The results of the analysis carried out using the SwanOne wave model (a one-dimensional model) show that changes in the current affect the spectral shape of the waves and redistribute wave energy to different frequency bands. As expected, changes in the current produce a net change in the characteristics of energy propagating through the model. More detailed analysis of the transformations occurring, particularly the redistribution of energy to the various frequency bands, was carried out using two-dimensional models.
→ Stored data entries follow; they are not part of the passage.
Lemma rigid_displacement_le j : vdot (v j) (v j) <= 1 ->
  enorm (w j) <= 2 * (enorm tau + opnorm (Q - 1%:M)).
Proof.
move=> vj1.
have a_le : enorm ((Q - 1%:M) *m v j) <= opnorm (Q - 1%:M).
  apply: (@enorm_le_opnorm _ _ _ _ 2) => [y|]; first exact: orthogonal_subI_le2.
  by apply: enorm_le; rewrite ?expr1n.
have := enormD_sqr_le ((Q - 1%:M) *m v j) tau.
have := enorm_ge0 ((Q - 1%:M) *m v j); have := enorm_ge0 tau; have := enorm_ge0 (w j).
by rewrite -/(w j); nra.
Qed.

Lemma rigid_image_edge : regular_unit_simplex v -> forall j k, j != k ->
  vdot (v j + w j - (v k + w k)) (v j + w j - (v k + w k)) = 1.
Proof.
move=> hreg j k njk; rewrite -!rigid_image_vertexE opprD addrACA subrr addr0.
by rewrite -mulmxBr vdot_orthogonal // regular_simplex_vdot.
Qed.

End RigidMotion.

Unset Implicit Arguments.
Theorem mainTheorem12 (R : realType) (d : nat) (v : 'I_d.+1 -> 'cV[R]_d)
  (hreg : regular_unit_simplex v) (hcen : centroid_zero v) :
  exists eps0 : R, 0 < eps0 /\
    forall (tau : 'cV[R]_d) (Q : 'M[R]_d),
      orthogonal_mx Q ->
      enorm tau + opnorm (Q - 1%:M) <= eps0 ->
      distH (range v) [set Q *m x + tau | x in range v]
        <= (d ^ 2 * d.+1)%:R
           * (diam (range v `|` [set Q *m x + tau | x in range v]) - 1).
Proof.
case: d v hreg hcen => [|d] v hreg hcen.
  exists 1; split=> // tau Q _ _; rewrite mul0n mul0r.
  by apply: distH_rigid_image_le => j; rewrite /enorm big_ord0 sqrtr0.
pose n : R := d.+1%:R; have n1 : 1 <= n by rewrite ler1n.
exists (120 * n ^+ 2)^-1; split=> [|tau Q hQ small]; first by rewrite invr_gt0; nra.
pose w j := (Q - 1%:M) *m v j + tau.
have [i _ i_max] := @arg_maxP _ _ _ ord0 xpredT (fun j => enorm (w j)) isT.
have wi_max j : enorm (w j) <= enorm (w i) by apply: i_max.
apply: le_trans (distH_rigid_image_le (m := enorm (w i)) wi_max) _.
apply: (displacement_le_excess n1 _ (enorm_ge0 _) _
  (diam_rigid_union_ge1 Q tau hreg (neq_lift ord0 ord0))).
- by rewrite natrM natrX -/n mulrC ler_wpM2l ?sqr_ge0 ?ler_nat.
- have n0 : 0 < n by apply: lt_le_trans n1.
  rewrite -ler_pdivlMr ?mul1r ?mulr_gt0 ?exprn_gt0 //.
  apply: le_trans (rigid_displacement_le tau hQ (regular_simplex_vdot_le1 hreg hcen i)) _.
  rewrite (_ : _^-1 = 2 * (120 * n ^+ 2)^-1); first by rewrite ler_pM2l.
  by field; rewrite nat1r pnatr_eq0.
- exact (max_displacement_sqr_le (regular_simplex_vdot hreg)
    (rigid_image_edge tau hQ hreg) wi_max (fun j k _ => rigid_union_mixed_le_diam v Q tau j k)).
Qed.
Lemma sum_perm_preceding (R : numFieldType) n (A : {set 'I_n}) x
    (F : {set 'I_n} -> R) : x \in A ->
  (n`!)%:R^-1 * \sum_(pi : {perm 'I_n}) F (preceding pi x :&: A)
  = \sum_(S : {set 'I_n} | S \subset A :\ x)
      F S / ((#|A| - #|S|)%:R * 'C(#|A|, #|S|)%:R).
Proof.
move=> xA; rewrite (partition_big (fun pi => preceding pi x :&: A)
  (fun S => S \subset A :\ x)) => [|pi _]; last exact: preceding_sub.
rewrite mulr_sumr; apply: eq_bigr => S sSAx.
rewrite (eq_bigr (fun _ => F S)) => [|pi /eqP-> //].
rewrite /= (eq_bigl (fun pi => pi \in [set pi | preceding pi x :&: A == S]));
  last by move=> pi; rewrite inE.
have nfact := prefix_count_fact xA sSAx; have := fact_gt0 n.
rewrite sumr_const -nfact !muln_gt0 => /andP[/andP[ltSA binA] count_gt0].
rewrite !natrM; field.
by rewrite !pnatr_eq0 -!lt0n ltSA binA count_gt0.
Qed.

Lemma sum_perm_last (R : numFieldType) n (A : {set 'I_n}) x : x \in A ->
  (n`!)%:R^-1 * \sum_(pi : {perm 'I_n}) (A :\ x \subset preceding pi x)%:R
  = #|A|%:R^-1 :> R.
Proof.
move=> xA; rewrite (eq_bigr (fun pi => (A :\ x \subset preceding pi x :&: A)%:R)); last first.
  by move=> pi _; rewrite subsetI subsetDl andbT.
rewrite (sum_perm_preceding (fun S => (A :\ x \subset S)%:R) xA).
rewrite (bigD1 (A :\ x)) //= subxx big1 ?addr0 => [|S /andP[sSAx neS]].
  by rewrite (cardsD1 x A) xA add1n subSnn binSn !mul1r.
have /negbTE-> : ~~ (A :\ x \subset S).
  by apply: contra neS => sAxS; rewrite eqEsubset sSAx sAxS.
by rewrite mul0r.
Qed.

Theorem theorem2 (R : realFieldType) (n m : nat)
  (Auth : 'I_m -> {set 'I_n}) (w : 'I_m -> R) (p : 'I_n -> R)
  (hAuth : forall k, Auth k != set0)
  (hw : forall k, 0 <= w k)
  (hp : forall i, 0 <= p i <= 1) (x : 'I_n) :
  shapley (rel_ext p (v_FC Auth w)) x =
    p x * \sum_(k in Pap Auth x)
            w k * \sum_(S : {set 'I_n} | S \subset Auth k :\ x)
                    PiTS p set0 S /
                    ((#|Auth k| - #|S|)%:R * 'C(#|Auth k|, #|S|)%:R)
  /\
  shapley (rel_ext p (v_FO Auth w)) x =
    \sum_(k in Pap Auth x) w k / #|Auth k|%:R * PiTS p (Auth k) (Auth k).
Proof.
rewrite /shapley; split.
  under eq_bigr => pi _ do rewrite (rel_ext_FC_marginal _ _ _ (preceding_notin pi x)).
  rewrite -mulr_sumr mulrCA exchange_big /=; congr (p x * _); rewrite mulr_sumr.
  apply: eq_bigr => k; rewrite inE => xA; rewrite -mulr_sumr mulrCA.
  rewrite (sum_perm_preceding (fun S => \prod_(i in S) (1 - p i)) xA).
  by congr (w k * _); apply: eq_bigr => S _; rewrite PiTS_set0.
under eq_bigr => pi _ do rewrite (rel_ext_FO_marginal _ _ _ (preceding_notin pi x)).
rewrite exchange_big mulr_sumr; apply: eq_bigr => k; rewrite inE => xA.
by rewrite -mulr_sumr mulrCA sum_perm_last // PiTS_id mulrAC.
Qed.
The modelling of the wave-current interaction using the 2-dimensional STWAVE model with the BIO tidal current model is shown to be a powerful tool to quantify expected changes in wave energy throughout the model domain. The modelling and refinement of the wave-current model was carried out to help define areas of interest in regards to shoreline response to changing conditions. Some of the modelling results from the on-going BIO/Acadia research were integrated into our analysis to incorporate any expected changes in the flow field with the introduction of tidal energy extraction devices. In particular, the extreme case of an intense concentration of 225 turbines installed across Minas Passage had shown a decrease of up to 20% in current magnitude in close proximity to the turbines. Using this value of change in the current field in a portion of Minas Passage and combining with a series of wave conditions, nearshore effects produced only small localized changes in wave energy levels at the adjacent shoreline. Based on the analysis carried out on potential changes in wave patterns as a result of current changes and caused by a set of 225 tidal turbines positioned offshore from Cape Split across a portion of Minas Passage, the resulting nearshore effects observed in the model were small decreases in energy levels at the adjacent shoreline. Therefore, it can be expected that under the conditions analyzed, the energy extraction could cause increased deposition of suspended sediment in some near-field regions of the Minas Basin channel and Passage. Far field effects of tidal changes were not considered as part of this study.
Small changes shown in the analysis carried out could still represent more significant changes in sedimentation or erosion as a cumulative effect over the longer term. More detailed information on flow and sediment properties are required. Details of the flow field surrounding the individual turbines and the resultant details of flow around an array require further characterization. Sediment properties in the regions of flow changes should be better quantified for predictive effects of deposition or scour due to flow changes.